Sábado, 23.03.2019 - 16:52 h
En dos años tendrán que decidir

¿Qué hacer con los 3.500 empleos del A380? Airbus confía en sus otros modelos

El gigante de la aeronáutica habla de movilidad interna para reducir el posible impacto en su plantilla del recorte de producción previsto. 

Fotografía de Airbus
¿Qué hacer con los 3.500 empleos del A380? Airbus confía en sus otros modelos. / Efe

El año 2021 será el último en el que Airbus produzca y entregue su icónico A380 por falta de pedidos, y las esperanzas de los trabajadores se centran ahora en el solicitado A320 y en los modelos A330 y A350 para absorber la carga de trabajo que dejará el que es el avión comercial más grande de pasajeros. En España, la compañía tiene alrededor de 13.000 empleados y aunque ha adelantado un impacto de hasta 3.500 puestos en todas sus fábricas europeas, los sindicatos temen que las plantillas españolas se resientan, toda vez que hay tres factorías que trabajan fabricando partes de este modelo a extinguir. Por ahora, la empresa apunta más a recolocaciones y reubicaciones antes que despidos. Pero, como siempre que se cancelan perspectivas de contratos, los empleados se temen lo peor. 

Concebido para hacer frente al Boeing 747 y para transportar a un gran contingente de personas entre continentes -su configuración estándar está diseñada para 575 plazas pero cuenta con capacidad para albergar hasta 853- el A380 no ha logrado los pedidos suficientes para remontar el vuelo y justificar la producción de una aeronave que tiene un precio de catálogo de 445,6 millones de dólares. El futuro del Airbus A380, cuyo desarrollo se remonta al verano de 1988, se ha topado de bruces con la revolución que ha experimentado el sector en estos años y cuyo punto final se ha visto precipitado por la reducción en 39 unidades de los pedidos del que era su principal cliente, Emirates, que ha optado por otros modelos y se quedará al final con 123 A380.

Ante esta situación, los esfuerzos se depositan ahora en el aumento de la producción del A320, al que los sindicatos se refieren como "la vaca lechera" de Airbus ya que se "vende como churros", informa Efe. Según los representantes de los trabajadores cuenta con una cartera de pedidos para 10 años, un plazo que les preocupa al entender que puede disuadir a las aerolíneas a la hora de comprar más aviones de esta clase.

Además del A320, la apuesta de la compañía pasa también por el A350, "la estrella" de Airbus según los sindicatos, al ser el avión más moderno con el que cuentan y que puede recorrer largas distancias sin repostar.  De hecho, los sindicatos consideran que el modelo A350 le ha estado haciendo la competencia al A380, que realizó su primer vuelo comercial en octubre de 2007 con Singapore Airlines.

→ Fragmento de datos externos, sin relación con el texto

Definition addmod b (c c' : 'I_b) : 'I_b :=
  Ordinal (ltn_pmod (c + c') (leq_ltn_trans (leq0n c) (ltn_ord c))).

Lemma addmodC b (c c' : 'I_b) : addmod c c' = addmod c' c.
Proof. by apply: val_inj; rewrite /= addnC. Qed.

Lemma addmod_inj b (c : 'I_b) : injective (addmod c).
Proof.
move=> c1 c2 /(congr1 val) /= /eqP; rewrite eqn_modDl !modn_small //.
by move=> /eqP /val_inj.
Qed.

Import GRing.Theory.
Local Open Scope ring_scope.

Lemma eq_subr_of_add (V : zmodType) (x y d : V) : x + y = x + x + d -> d == y - x.
Proof. by move=> e; rewrite eq_sym subr_eq -(inj_eq (addrI x)) e [d + x]addrC addrA. Qed.

Section OddCyclic.

Variable k : nat.
Local Notation Zm := 'I_(k.*2).+1.

Lemma double_inj (x y : Zm) : x + x = y + y -> x = y.
Proof.
have halfK (z : Zm) : (z + z) *+ k.+1 = z.
  apply: val_inj; rewrite Zp_mulrn /= modnMml.
  have dbl m : ((m + m) * k.+1 = m * (k.*2).+1 + m)%N by rewrite -muln2; nia.
  by rewrite dbl modnMDl modn_small.
by move=> e; rewrite -(halfK x) e halfK.
Qed.

Lemma eq_oppr_self (d : Zm) : (- d == d) = (d == 0).
Proof.
apply/eqP/eqP=> [e|->]; last by rewrite oppr0.
by apply: double_inj; rewrite addr0 -{1}e addNr.
Qed.

End OddCyclic.

Lemma val_Zp_opp k (d : 'I_k.+1) : nat_of_ord (- d) = ((k.+1 - d) %% k.+1)%N.
Proof. by []. Qed.

Section CenteredEmbedding.

Variables k r : nat.
Hypothesis le_rk : (r <= k)%N.

(* Represent Z_{2r+1} by the residues -r..r and read them in Z_{2k+1}. *)
Definition centered (d : 'I_(r.*2).+1) : 'I_(k.*2).+1 :=
  if (d <= r)%N then inord d else - inord ((r.*2).+1 - d).

Lemma val_centered d : nat_of_ord (centered d) =
  if (d <= r)%N then nat_of_ord d else ((k.*2).+1 - ((r.*2).+1 - d))%N.
Proof.
rewrite /centered; case: ifP => hd; first by rewrite inordK //; lia.
have := ltn_ord d; rewrite val_Zp_opp inordK; last by lia.
by move=> ltd; rewrite modn_small //; lia.
Qed.

Lemma centered_inj : injective centered.
Proof.
move=> d1 d2 /(congr1 (@nat_of_ord _)); rewrite !val_centered.
have := ltn_ord d1; have := ltn_ord d2.
by case: ifP => h1; case: ifP => h2 => l2 l1 e; apply: ord_inj; lia.
Qed.

Lemma centeredN d : centered (- d) = - centered d.
Proof.
apply: ord_inj; rewrite val_Zp_opp !val_centered val_Zp_opp.
have := ltn_ord d; case: (posnP d) => [->|dp] ld; first by rewrite subn0 !modnn.
rewrite (modn_small (m := ((r.*2).+1 - d)%N)); last by lia.
by case: ifP => h1; case: ifP => h2; rewrite ?modn_small; lia.
Qed.

End CenteredEmbedding.

Section FewFixedPoints.

Variables r b : nat.
Hypothesis le_b : (b <= (r.*2).+1)%N.
Local Notation Zm := 'I_(r.*2).+1.
Local Notation wid := (widen_ord le_b).

Definition few_inv (s : Zm + 'I_b) : Zm + 'I_b := if s is inl d then inl (- d) else s.

(* The square y - x on Z_{2r+1}, twisted by negation, in which the b
   anti-diagonals x + y = c, which are symmetric transversals, are handed to
   new fixed symbols c. *)
Definition few_sq (s t : Zm + 'I_b) : Zm + 'I_b :=
  match s, t with
  | inl x, inl y => if [pick c | wid c == x + y] is Some c then inr c else inl (y - x)
  | inl x, inr c => inl (wid c - (x + x))
  | inr c, inl y => inl (y + y - wid c)
  | inr c, inr c' => inr (addmod c c')
  end.

Lemma few_invK : involutive few_inv.
Proof. by case=> [d|c] //=; rewrite opprK. Qed.

Lemma few_sq_twisted : twisted_latin few_inv few_sq.
Proof.
split=> [[x|c] [y1|c1] [y2|c2] /=|[x|c] [y|c'] /=].
- case: pickP => [d1 /eqP h1|n1]; case: pickP => [d2 /eqP h2|n2] //=.
  + by move=> E; move: h1; rewrite (inr_inj E) h2 => /(addrI _) ->.
  + by move=> E; rewrite (addIr _ (inl_inj E)).
- case: pickP => [d1 _|n1] //= E; have e := inl_inj E.
  have : wid c2 == x + y1 by rewrite -(subrK (x + x) (wid c2)) -e addrA subrK addrC.
  by rewrite n1.
- case: pickP => [d2 _|n2] //= E; have e := inl_inj E.
  have : wid c1 == x + y2 by rewrite -(subrK (x + x) (wid c1)) e addrA subrK addrC.
  by rewrite n2.
- by move=> E; rewrite (widen_ord_inj (addIr _ (inl_inj E))).
- by move=> E; rewrite (double_inj (addIr _ (inl_inj E))).
- by [].
- by [].
- by move=> E; rewrite (addmod_inj (inr_inj E)).
- case: pickP => [c1 /eqP h1|n1]; case: pickP => [c2 /eqP h2|n2] //=.
  + by rewrite (widen_ord_inj (etrans h1 (etrans (addrC y x) (esym h2)))).
  + by have := n2 c1; rewrite h1 addrC eqxx.
  + by have := n1 c2; rewrite h2 addrC eqxx.
  + by rewrite opprB.
- by rewrite opprB.
- by rewrite opprB.
- by rewrite addmodC.
Qed.

Lemma card_fixpts_few_inv : #|fixpts few_inv| = b.+1.
Proof.
have -> : fixpts few_inv = (inl 0 : Zm + 'I_b) |: (inr @: [set: 'I_b]).
  apply/setP=> [[d|c]]; rewrite !inE /=; last first.
    by rewrite eqxx; apply/esym/imset_f; rewrite inE.
  have /negbTE -> : inl d \notin inr @: [set: 'I_b] by apply/imsetP=> [[]].
  by rewrite orbF !(inj_eq inl_inj) eq_oppr_self.
rewrite cardsU1 card_imset ?cardsT ?card_ord; last exact: inr_inj.
by have /negbTE -> : (inl 0 : Zm + 'I_b) \notin inr @: [set: _] by apply/imsetP=> [[]].
Qed.

End FewFixedPoints.

Section EvenFixedPoints.

Variables k r : nat.
Hypothesis le_rk : (r <= k)%N.
Local Notation Zk := 'I_(k.*2).+1.
Local Notation Zr := 'I_(r.*2).+1.
Local Notation sym := (Zk + Zr)%type.
Local Notation ctr := (centered k).

Definition even_inv (s : sym) : sym := if s is inr d then inr (- d) else s.

(* The symmetric square x + y on Z_{2k+1}, in which the 2r+1 diagonals
   y - x = d with d in -r..r are handed to new symbols d, paired by negation. *)
Definition even_sq (s t : sym) : sym :=
  match s, t with
  | inl x, inl y => if [pick d | ctr d == y - x] is Some d then inr d else inl (x + y)
  | inl x, inr d => inl (x + x + ctr d)
  | inr d, inl y => inl (y + y + ctr d)
  | inr d, inr d' => inr (d' - d)
  end.

Lemma even_invK : involutive even_inv.
Proof. by case=> [x|d] //=; rewrite opprK. Qed.

Lemma even_sq_twisted : twisted_latin even_inv even_sq.
Proof.
split=> [[x|c] [y1|c1] [y2|c2] /=|[x|c] [y|c'] //=].
- case: pickP => [d1 /eqP h1|n1]; case: pickP => [d2 /eqP h2|n2] //=.
  + by move=> E; move: h1; rewrite (inr_inj E) h2 => /(addIr _) ->.
  + by move=> E; rewrite (addrI _ (inl_inj E)).
- case: pickP => [d1 _|n1] //= E.
  by have := n1 c2; rewrite (eq_subr_of_add (inl_inj E)).
- case: pickP => [d2 _|n2] //= E.
  by have := n2 c1; rewrite (eq_subr_of_add (esym (inl_inj E))).
- by move=> E; rewrite (centered_inj le_rk (addrI _ (inl_inj E))).
- by move=> E; rewrite (double_inj (addIr _ (inl_inj E))).
- by [].
- by [].
- by move=> E; rewrite (addIr _ (inr_inj E)).
- case: pickP => [c1 /eqP h1|n1]; case: pickP => [c2 /eqP h2|n2] //=.
  + by congr inr; apply: (centered_inj le_rk); rewrite centeredN // h1 h2 opprB.
  + by have := n2 (- c1); rewrite centeredN // h1 opprB eqxx.
  + by have := n1 (- c2); rewrite centeredN // h2 opprB eqxx.
  + by rewrite addrC.
- by rewrite opprB.
Qed.

Lemma card_fixpts_even_inv : #|fixpts even_inv| = (k.*2).+2.
Proof.
have -> : fixpts even_inv = (inr 0 : sym) |: (inl @: [set: Zk]).
  apply/setP=> [[x|d]]; rewrite !inE /=.
    by rewrite eqxx; apply/esym/imset_f; rewrite inE.
  have /negbTE -> : inr d \notin inl @: [set: Zk] by apply/imsetP=> [[]].
  by rewrite orbF !(inj_eq inr_inj) eq_oppr_self.
rewrite cardsU1 card_imset ?cardsT ?card_ord; last exact: inl_inj.
by have /negbTE -> : (inr 0 : sym) \notin inl @: [set: _] by apply/imsetP=> [[]].
Qed.

End EvenFixedPoints.

Section OddFixedPoints.

Variables k r : nat.
Hypothesis le_rk : (r <= k)%N.
Local Notation Zk := 'I_(k.*2).+1.
Local Notation D := {d : 'I_(r.*2).+1 | d != 0}.
Local Notation sym := (Zk + D)%type.
Local Notation ctr d := (centered k (val d)).

Lemma oppD_subproof (d : D) : - val d != 0.
Proof. by rewrite oppr_eq0 (valP d). Qed.
Definition oppD (d : D) : D := exist _ (- val d) (oppD_subproof d).

Lemma oppDK : involutive oppD.
Proof. by move=> d; apply: val_inj; rewrite /= opprK. Qed.

Lemma ctr_inj : injective (fun d : D => ctr d).
Proof. by move=> d1 d2 /(centered_inj le_rk) /val_inj. Qed.

Definition odd_inv (s : sym) : sym := if s is inr d then inr (oppD d) else s.

(* As even_sq, but only the 2r diagonals with d != 0 are handed to new
   symbols.  The new diagonal cells (inr d, inr d) then carry the fixed
   symbol 0, which trades places with d on the anti-diagonal x + y = 0. *)
Definition odd_sq (s t : sym) : sym :=
  match s, t with
  | inl x, inl y => if [pick d : D | ctr d == y - x] is Some d then
                      if x + y == 0 then inl 0 else inr d
                    else inl (x + y)
  | inl x, inr d => if x + x + ctr d == 0 then inr d else inl (x + x + ctr d)
  | inr d, inl y => if y + y + ctr d == 0 then inr (oppD d) else inl (y + y + ctr d)
  | inr d, inr d' => if insub (val d' - val d) is Some e then inr e else inl 0
  end.

Lemma odd_invK : involutive odd_inv.
Proof. by case=> [x|d] //=; rewrite oppDK. Qed.

Lemma odd_sq_twist x y : odd_sq y x = odd_inv (odd_sq x y).
Proof.
case: x y => [x|c] [y|c'] /=.
- case: pickP => [c1 /eqP h1|n1]; case: pickP => [c2 /eqP h2|n2] /=.
  + rewrite addrC; case: ifP => //= _; congr inr; apply: ctr_inj.
    by rewrite /= centeredN // h1 h2 opprB.
  + by have := n2 (oppD c1); rewrite /= centeredN // h1 opprB eqxx.
  + by have := n1 (oppD c2); rewrite /= centeredN // h2 opprB eqxx.
  + by rewrite addrC.
- by case: ifP.
- by case: ifP => //=; rewrite oppDK.
- case: insubP => [e1 ne1 he1|z1]; case: insubP => [e2 ne2 he2|z2] //=.
  + by congr inr; apply: val_inj; rewrite /= he1 he2 opprB.
  + by move: z2; rewrite -oppr_eq0 opprB ne1.
  + by move: z1; rewrite -oppr_eq0 opprB ne2.
Qed.

Lemma odd_sq_inl_neq x y c : odd_sq (inl x) (inl y) != odd_sq (inl x) (inr c).
Proof.
rewrite /=; apply/negP => /eqP.
case: pickP => [d1 /eqP h1|n1]; [case: ifP => /eqP hz|];
  case: ifP => /eqP hs E //.
- by apply: hs; rewrite (inl_inj E).
- apply: hz; rewrite (inr_inj E) in h1.
  by rewrite -hs h1 -addrA [_ + (_ - _)]addrC subrK.
- by have := n1 c; rewrite (eq_subr_of_add (inl_inj E)).
Qed.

También se encomiendan al A330, cuya producción reconocen que está aumentando pese a que estaba llamado a desaparecer, como ocurrió con su sucesor, A340. A diferencia del A380, todos ellos tienen un coste sensiblemente menor, disponen de suficiente capacidad (de hasta un máximo de 440 pasajeros en el caso de la familia del A330) y cuentan con dos motores y no cuatro, lo que reduce el gasto de combustible y mejora la eficiencia.

Precisamente, Airbus reconoce que los nuevos pedidos realizados del A330-900 y A350-900, como el que acaba de sellar Emirates, y el incremento de la producción del A320 ofrecerán un "número importante" de oportunidades de movilidad interna para los entre 3.000 y 3.500 trabajadores que podrían verse afectados por el final del "buque insignia" de la compañía. La mayor parte de las piezas del A380 se construyen en España, Francia, Alemania o Reino Unido y se montan en la planta de Toulouse, a la que llegan incluso en aviones especialmente diseñados para grandes cargas como el Beluga.

La presentación oficial del Airbus A380 tuvo lugar el 18 de enero de 2005 en Toulouse, un acto que reunió, entre otros, a los jefes de gobierno de entonces: Jacques Chirac (Francia), José Luis Rodríguez Zapatero (España), Tony Blair (Reino Unido) y Gerhard Schröder (Alemania). Se dice que su nombre no es fruto de la casualidad, sino que el gigante de la aviación optó por el ocho al ser concebido como un número de buena suerte en los países asiáticos, a los que pertenecían sus principales clientes, entre los que se encuentran Singapore Airlines, Korean Air o Etihad.